# Purchasing property in Canada as a non-resident



## InstantOats (Sep 6, 2014)

Hi all,

I'm a non-resident for tax purpose and will be moving back to Canada next spring when my overseas job ends. I'm wondering if I can purchase a property prior to arriving without affecting my non-resident status?

Thanks in advance.


----------



## Mortgage u/w (Feb 6, 2014)

Are you considered non-resident or non-permanent resident? Not many banks accept non-resident status. Insurers no longer accept it either. You will need to declare income in Canada and have at least a work permit in Canada in order to qualify.


----------



## carverman (Nov 8, 2010)

I believe that as a non-resident, you can still purchase property in Canada but the property has to be registered in your name in the LAND TITLES office of each county within each province. 

That means paying land transfer taxes upon the purchase of the property and paying a lawyer to transfer the title from the seller to you, and of course HST on the legal services. 

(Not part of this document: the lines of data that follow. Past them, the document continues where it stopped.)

Lemma subcontext_blocks_independent l m : l <> m ->
  independent_blocks is_concept cle (subcontext_block l) (subcontext_block m).
Proof.
move=> neq_lm p [p_c [p_top | p_off_l]] [_ [p_top' | p_off_m]]; try by right.
left; apply: is_bottom_of_split p_c p_off_l _ => b b_l; apply: p_off_m => b_m.
exact: BB_disjoint neq_lm b_l b_m.
Qed.

Lemma subcontext_blocks_cover p : is_concept p <-> exists l, subcontext_block l p.
Proof.
split=> [p_c | [l [p_c _]] //]; have [l0] := Lam_inhabited.
case: (classic (is_top p)) => [p_top | p_ntop]; first by exists l0; split; [|left].
case: (classic (exists b0, p.1 b0 <> ⊥)) => [[b0 p_b0] | p_zero]; last first.
  by exists l0; split=> //; right=> b _; apply: NNPP => p_b; apply: p_zero; exists b.
have [l b0_in] := BB_cover b0.
exists l; split=> //; right.
by case: (concept_fst_in_one_block l p_c p_ntop) => [// | p_in]; case: p_b0; apply: p_in.
Qed.

Lemma blocks_of_subcontexts : has_independent_block_decomposition is_concept cle.
Proof.
exists Lam, subcontext_block; split; first exact: subcontext_block_is_block.
by split; [apply: subcontext_blocks_independent | apply: subcontext_blocks_cover].
Qed.

End FromSubcontexts.
End Normalized.
End ConceptLattice.

Theorem corollary37
  (L : CLattice) (n : nat) (conj sw nw : 'I_n -> L -> L -> L)
  (Hadj : forall i, adjoint_triple (conj i) (sw i) (nw i))
  (Hunit : forall i (x : L), conj i x (cl_top L) = x /\ conj i (cl_top L) x = x)
  (A B : Type) (HA : inhabited A) (HB : inhabited B)
  (R : A -> B -> L) (sigma : A -> B -> 'I_n)
  (Hnorm : normalized R)
  (Hacc : ACC (concept sw nw R sigma) (@concept_le L A B)) :
  has_independent_subcontext_decomposition conj R sigma <->
  has_independent_block_decomposition (concept sw nw R sigma) (@concept_le L A B).
Proof.
(* [HA], [HB] and [Hacc] are unused: the explicit X(a), Y(b) replace the chain condition. *)
split.
  case=> Lam [AA [BB [Lam_inh [sep [_ [AA_cover [BB_disj [BB_cover no_zd]]]]]]]].
  exact: (blocks_of_subcontexts Hadj Hunit Hnorm Lam_inh sep AA_cover BB_disj BB_cover no_zd).
case=> J [K [K_block [K_indep K_cover]]].
exact: (subcontexts_of_blocks Hadj Hunit Hnorm K_block K_indep K_cover).
Qed.
Lemma meval_mderiv2_uinv p b c (i : 'I_n) :
  (mderiv c (mderiv b (uinv C i))).@[p] =
  if b == c then 2 * esC1 p b i
  else 4 * p b * p c * esym_pred (psq p) ([set~ b] :\ c) i.
Proof.
rewrite mderiv_uinv (big_morph _ (@mderivD _ _ c) (@mderiv0 _ _ c)).
rewrite (big_morph _ (mevalD p) (meval0 p)); case: eqP => [<-|/eqP neq_bc].
  rewrite /esC1 /esym mulr_sumr -sum_subsets_setC1; apply: eq_bigr => h _.
  case: ifP => bh; last by rewrite mderiv0 meval0.
  rewrite mderivZ mderivM mderiv_prodX2_notin ?setD11 // mulr0 addr0.
  by rewrite mderivXU eqxx mul1r mevalZ meval_prodX2.
pose G h' := if c \in h' then 4 * p b * p c * \prod_(j in h' :\ c) psq p j else 0.
transitivity (\sum_(h : {set 'I_n} | #|h| == i.+1) (if b \in h then G (h :\ b) else 0)).
  apply: eq_bigr => h _; case: ifP => bh; last by rewrite mderiv0 meval0.
  rewrite mderivZ mderivM mderivXU (negbTE neq_bc) mul0r add0r mderiv_prodX2 /G.
  case: ifP => ch; last by rewrite mulr0 scaler0 meval0.
  rewrite !(mevalZ, mevalM, mevalXU) meval_prodX2; ring.
rewrite sum_subsets_setC1; case: (i : nat) => [|i'] /=.
  rewrite big1 ?mulr0 // => h /andP[_]; rewrite cards_eq0 => /eqP ->.
  by rewrite /G in_set0.
rewrite /esym mulr_sumr -sum_subsets_setD1; last by rewrite !inE eq_sym.
by apply: eq_bigr => h _; rewrite /G; case: ifP.
Qed.

End InvariantDerivatives.

Section ChristoffelP.
Variables (C : numClosedFieldType) (n : nat).
Implicit Types (p : 'I_n -> C) (a b c l : 'I_n).

Local Notation mu := ((n.-1)%:R^-1 : C).

Lemma meval_mderiv_gdown p b l c : (mderiv b (gdown C l c)).@[p] =
  (mu - (l == c)%:R) * ((l == b)%:R * p c + p l * (c == b)%:R).
Proof.
rewrite /gdown mderivZ mderivM !mderivXU mevalZ mevalD !mevalM !mevalXU.
by rewrite !rmorph_nat.
Qed.

Lemma sum_kroneckerl a (F : 'I_n -> C) : \sum_l (a == l)%:R * F l = F a.
Proof.
rewrite (bigD1 a) //= eqxx mul1r big1 ?addr0 // => l.
by rewrite eq_sym => /negbTE ->; rewrite mul0r.
Qed.

Lemma sum_kroneckerr a (F : 'I_n -> C) : \sum_l (l == a)%:R * F l = F a.
Proof. by rewrite -(sum_kroneckerl a F); apply: eq_bigr => l _; rewrite eq_sym. Qed.

Ltac case_eqs := rewrite ?eqxx /=; try match goal with |- context [?x == ?y] =>
  case: (eqVneq x y) => [?|?]; [subst|]; case_eqs end;
  try match goal with H : is_true (?z != ?z) |- _ => by rewrite eqxx in H end.

Lemma GammaP_diag p a b c : (forall a, p a != 0) -> (2 <= n)%N ->
  GammaP p a b c = (a == b)%:R * (a == c)%:R / p a.
Proof.
move=> p_neq0 n_ge2.
have n1_neq0 : (n.-1)%:R != 0 :> C by rewrite pnatr_eq0 -lt0n; case: n n_ge2 => [|[]].
have summand l : gup p a l * ((mderiv b (gdown C l c)).@[p]
      + (mderiv c (gdown C l b)).@[p] - (mderiv l (gdown C b c)).@[p]) =
    (b == c)%:R / p a *
    (2 * ((mu - (l == b)%:R) - (a == l)%:R * mu + (a == l)%:R * (l == b)%:R)).
  by rewrite !meval_mderiv_gdown /gup; case_eqs; field; rewrite ?n1_neq0 ?p_neq0.
have sum_delta : \sum_l (l == b)%:R = 1 :> C.
  by rewrite -[RHS](sum_kroneckerr b (fun=> 1)); apply: eq_bigr => l _; rewrite mulr1.
have sum_mu : \sum_(l < n) mu = 1 + mu.
  rewrite sumr_const card_ord -[X in _ *+ X](prednK (ltnW n_ge2)).
  by rewrite mulrSr -[mu *+ _]mulr_natr mulVf.
have sum_bracket : \sum_l ((mu - (l == b)%:R) - (a == l)%:R * mu
    + (a == l)%:R * (l == b)%:R) = (a == b)%:R.
  by rewrite big_split sumrB sumrB /= sum_mu sum_delta !sum_kroneckerl; ring.
rewrite /GammaP (eq_bigr _ (fun l _ => summand l)) -mulr_sumr -mulr_sumr sum_bracket.
by case_eqs; field; rewrite p_neq0.
Qed.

Getting mortgage will be very difficult though, so the property would have to purchased with a money
transfer or some other means to satisfy the sale and purchase.

Then there is the real estate taxes that will apply.... and income taxes that may also apply.


> If non-residents stay in Canada for more than 182 consecutive days, they may be considered Canadian residents for Canadian income tax purposes.


- See more at: http://www.bcrea.bc.ca/working-with...elling-canadian-property#sthash.ocKcTR24.dpuf
ww.bcrea.bc.ca/working-with-a-realtor-/buying-and-selling-canadian-property


----------



## InstantOats (Sep 6, 2014)

Thanks for the info all, much appreciated.


----------